Despite the clear differences among test kits in extraction efficiency, testing of DNA extraction from substrates inoculated with a serovar Enteritidis suspension does not completely reflect real environmental samples containing naturally present S. enterica. In fact, naturally present S. enterica might be aggregated on or between substrate particles, which could make the extraction of DNA from all cells present even more complicated. The extent to which spatial distribution affects the S. enterica DNA extraction efficiency has not been evaluated. Nevertheless, based on the rigorous lysis and homogenization during the DNA extraction procedures, it is expected to have only a minor influence on the recovery of Salmonella serovar Enteritidis DNA present in the tested substrates.

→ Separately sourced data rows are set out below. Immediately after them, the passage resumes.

(* Let $n\ge1$, $k\ge2$, $r=n(k-1)$, and let $\mathbf c_0$ be a stable configuration on the hyperpath $P_n^k$ with bank vertex $0$. Let $\mathcal G(\mathbf c_0)$ be its firing graph. Then: (i) for every $t\in[n]$ and every configuration $\mathbf c$ of $\mathcal G(\mathbf c_0)$, the vertex $t(k-1)$ is fired at $\mathbf c$ (i.e. $\mathbf c$ is not stable and $u_{\mathbf c}=t(k-1)$) if and only if $\mathbf c(t(k-1))=k-1$; (ii) for every configuration $\mathbf c$ of $\mathcal G(\mathbf c_0)$, $\omega(\mathbf c)\ge\omega(\mathbf c_0)$.
   Context: The $k$-uniform hyperpath $P_n^k$ has vertex set $\{0,1,\dots,n(k-1)\}$ and edges $\mathbf e_t=\{(k-1)(t-1),(k-1)(t-1)+1,\dots,(k-1)t\}$ for $t\in[n]$. A configuration is a function $\mathbf c:[r]\to\mathbb Z_{\ge0}$ (the value at the bank vertex $0$ is ignored), with weight $\omega(\mathbf c)=\sum_{v=1}^r\mathbf c(v)$. It is stable if $0\le\mathbf c(v)\le k-2$ for all $v\in[r]$. For a stable $\mathbf c_0$ put $\bar{\mathbf c}_0(v)=\mathbf c_0(v)+1$ for $v\in[k-1]$ and $\bar{\mathbf c}_0(v)=\mathbf c_0(v)$ otherwise. For a non-stable configuration $\mathbf c$ let $u_{\mathbf c}=\max\{v\in[r]:\mathbf c(v)\ge k-1\}$; for each edge $\mathbf e$ containing $u_{\mathbf c}$ define $\mathbf c_{\mathbf e}$ by $\mathbf c_{\mathbf e}(u_{\mathbf c})=\mathbf c(u_{\mathbf c})-(k-1)$, $\mathbf c_{\mathbf e}(v)=\mathbf c(v)+1$ for $v\in\mathbf e\setminus\{u_{\mathbf c},0\}$, and $\mathbf c_{\mathbf e}(v)=\mathbf c(v)$ otherwise (''firing $u_{\mathbf c}$ on $\mathbf e$''). The firing graph $\mathcal G(\mathbf c_0)$ is the directed graph whose vertices are $\mathbf c_0$ together with all configurations obtainable from $\bar{\mathbf c}_0$ by finitely many such firing steps (each applied to a non-stable configuration), and whose arrows are $\mathbf c_0\to\bar{\mathbf c}_0$ and $\mathbf c\to\mathbf c_{\mathbf e}$ for every non-stable vertex $\mathbf c$ and every edge $\mathbf e\ni u_{\mathbf c}$. *)

From mathcomp Require Import all_boot.
Set Implicit Arguments. Unset Strict Implicit. Unset Printing Implicit Defensive.

(* A configuration is a function nat -> nat; only its values on [r] = {1..r}
   matter (the value at the bank vertex 0 and beyond r are never used by
   stability, weight, u_c or the statement). *)
Definition config := nat -> nat.

Definition in_edge (k t v : nat) : bool :=
  ((k - 1) * (t - 1) <= v) && (v <= (k - 1) * t).

Definition weight (r : nat) (c : config) : nat := \sum_(1 <= v < r.+1) c v.

Definition stable (k r : nat) (c : config) : Prop :=
  forall v, 1 <= v <= r -> c v <= k - 2.

Definition cbar (k : nat) (c0 : config) : config :=
  fun v => if (1 <= v) && (v <= k - 1) then (c0 v).+1 else c0 v.

(* u_c = max {v in [r] : c(v) >= k-1}  (meaningful for non-stable c) *)
Definition u_c (k r : nat) (c : config) : nat :=
  \max_(1 <= v < r.+1 | k - 1 <= c v) v.

Definition fire (k : nat) (c : config) (u t : nat) : config :=
  fun v => if v == u then c v - (k - 1)
           else if in_edge k t v && (v != 0) then (c v).+1 else c v.

Definition step (n k : nat) (c c' : config) : Prop :=
  let r := n * (k - 1) in
  ~ stable k r c /\
  exists t, [/\ 1 <= t <= n, in_edge k t (u_c k r c) & c' = fire k c (u_c k r c) t].

Inductive reach (n k : nat) (s : config) : config -> Prop :=
| reach_refl : reach n k s s
| reach_step : forall c c', reach n k s c -> step n k c c' -> reach n k s c'.

Definition in_firing_graph (n k : nat) (c0 c : config) : Prop :=
  c = c0 \/ reach n k (cbar k c0) c.

From mathcomp Require Import all_boot zify.
Set Implicit Arguments. Unset Strict Implicit. Unset Printing Implicit Defensive.
Definition bilinear (q : ext_exp) (T : (nat -> R) -> (nat -> R) -> R) : Prop :=
  (forall x x' y, in_X q x -> in_X q x' -> in_X None y ->
     T (vadd x x') y = T x y + T x' y) /\
  (forall c x y, in_X q x -> in_X None y -> T (vscal c x) y = c * T x y) /\
  (forall x y y', in_X q x -> in_X None y -> in_X None y' ->
     T x (vadd y y') = T x y + T x y') /\
  (forall c x y, in_X q x -> in_X None y -> T x (vscal c y) = c * T x y).

(* continuity of a bilinear form = boundedness on the product of unit balls *)
Definition bounded_on_balls (q : ext_exp) (T : (nat -> R) -> (nat -> R) -> R)
  (B : R) : Prop :=
  forall x y, in_ball q x -> in_ball None y -> Rabs (T x y) <= B.

Definition continuous_bilinear (q : ext_exp) T : Prop :=
  bilinear q T /\ exists B, bounded_on_balls q T B.

Definition conj_exp (q : ext_exp) : R :=
  match q with Some q => q / (q - 1) | None => 1 end.

(* D is a valid constant: for all continuous bilinear T,
   (sum_j (sum_i |T(e_i,e_j)|^{q*})^{2/q*})^{1/2} <= D ||T||.
   The (possibly infinite) sums of nonnegative terms are bounded via all their
   partial sums, and "<= D ||T||" via all upper bounds B of |T| on the balls. *)
Definition D_valid (q : ext_exp) (D : R) : Prop :=
  forall T, continuous_bilinear q T ->
  forall B, bounded_on_balls q T B ->
  forall M N : nat,
    sqrt (sum_f_R0 (fun j =>
            rpow (sum_f_R0 (fun i => rpow (Rabs (T (e_ i) (e_ j))) (conj_exp q)) M)
                 (2 / conj_exp q)) N)
    <= D * B.

Definition pstar (p : R) : ext_exp :=
  if Req_dec_T p 1 then None else Some (p / (p - 1)).

From Stdlib Require Import Reals Lra Lia.
From Coquelicot Require Import Coquelicot.
Open Scope R_scope.

(* On the [k]-th dyadic interval of length [2^-n], each Rademacher function
   [r_j] with [j <= n] is a constant sign [e(k,j)], and [k |-> e(k,.)] runs through all of
   [{-1,1}^n]; so the [p]-th moment [M] of [sum_j a_j r_j] is the average over [k] of
   [|sum_j a_j e(k,j)|^p]. The bilinear form
     [T(x, y) = 2^(-n/p) sum_k x_k sum_j a_j y_j e(k,j)]
   on [X_{p*} x c_0] satisfies [sum_i |T(e_i, e_j)|^p = |a_j|^p], so the left-hand side of the
   inequality defining [D_{p*,oo}] is [(sum_j a_j^2)^(1/2)]. By Hoelder, [||T|| <= M^(1/p)] as soon
   as every column [(2^(-n/p) sum_j a_j y_j e(k,j))_k] with [|y_j| <= 1] has [p]-norm at most
   [M^(1/p)]; this holds because [y |-> sum_k |sum_j a_j y_j e(k,j)|^p] is convex and, being a sum
   over all sign patterns, even in each [y_j], so it is maximal at [y = 1]. *)

Fixpoint sum_lt (K : nat) (f : nat -> R) : R :=
  match K with O => 0 | S m => sum_lt m f + f m end.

Direct evaluation of the efficiency of the complete DNA extraction and amplification procedure was enabled by implementation of a GIPC. This improvement enabled the identification of false-negative results introduced by procedural failures or mistakes. A major advantage of the developed GIPC is the fact that it is absent in natural environments (except in the cnidarian jellyfish Aequorea victoria), since its detection is based on the gfp gene of the GIPC. Therefore, independent of the substrate tested, the gfp gene can be detected simultaneously with the target (in our case serovar Enteritidis) after DNA extraction using TaqMan PCR. This is an advantage over other previously published approaches, which use housekeeping genes to control the DNA extraction and amplification efficiency. The use of such housekeeping genes is not sufficient, since the exact initial amount of control material (DNA) is not known, thus allowing only qualitative validation of a sample tested. Moreover, these controls are applicable only if the corresponding housekeeping genes are indeed present in the environmental sample (plant or animal cells) tested. Finally, the amount of housekeeping genes often exceeds the amount of target DNA, resulting in a competitive PCR amplification strongly affecting the sensitivity, precision, and accuracy of the assay. The coamplification of a different target will in each case affect the sensitivity of the primary target amplification. To reduce any influence of coamplification, the amount of GIPC is limited to a set level to ensure that the target DNA is always present in excess. Thus, the amplification of the target is influenced only at a very minor level (17).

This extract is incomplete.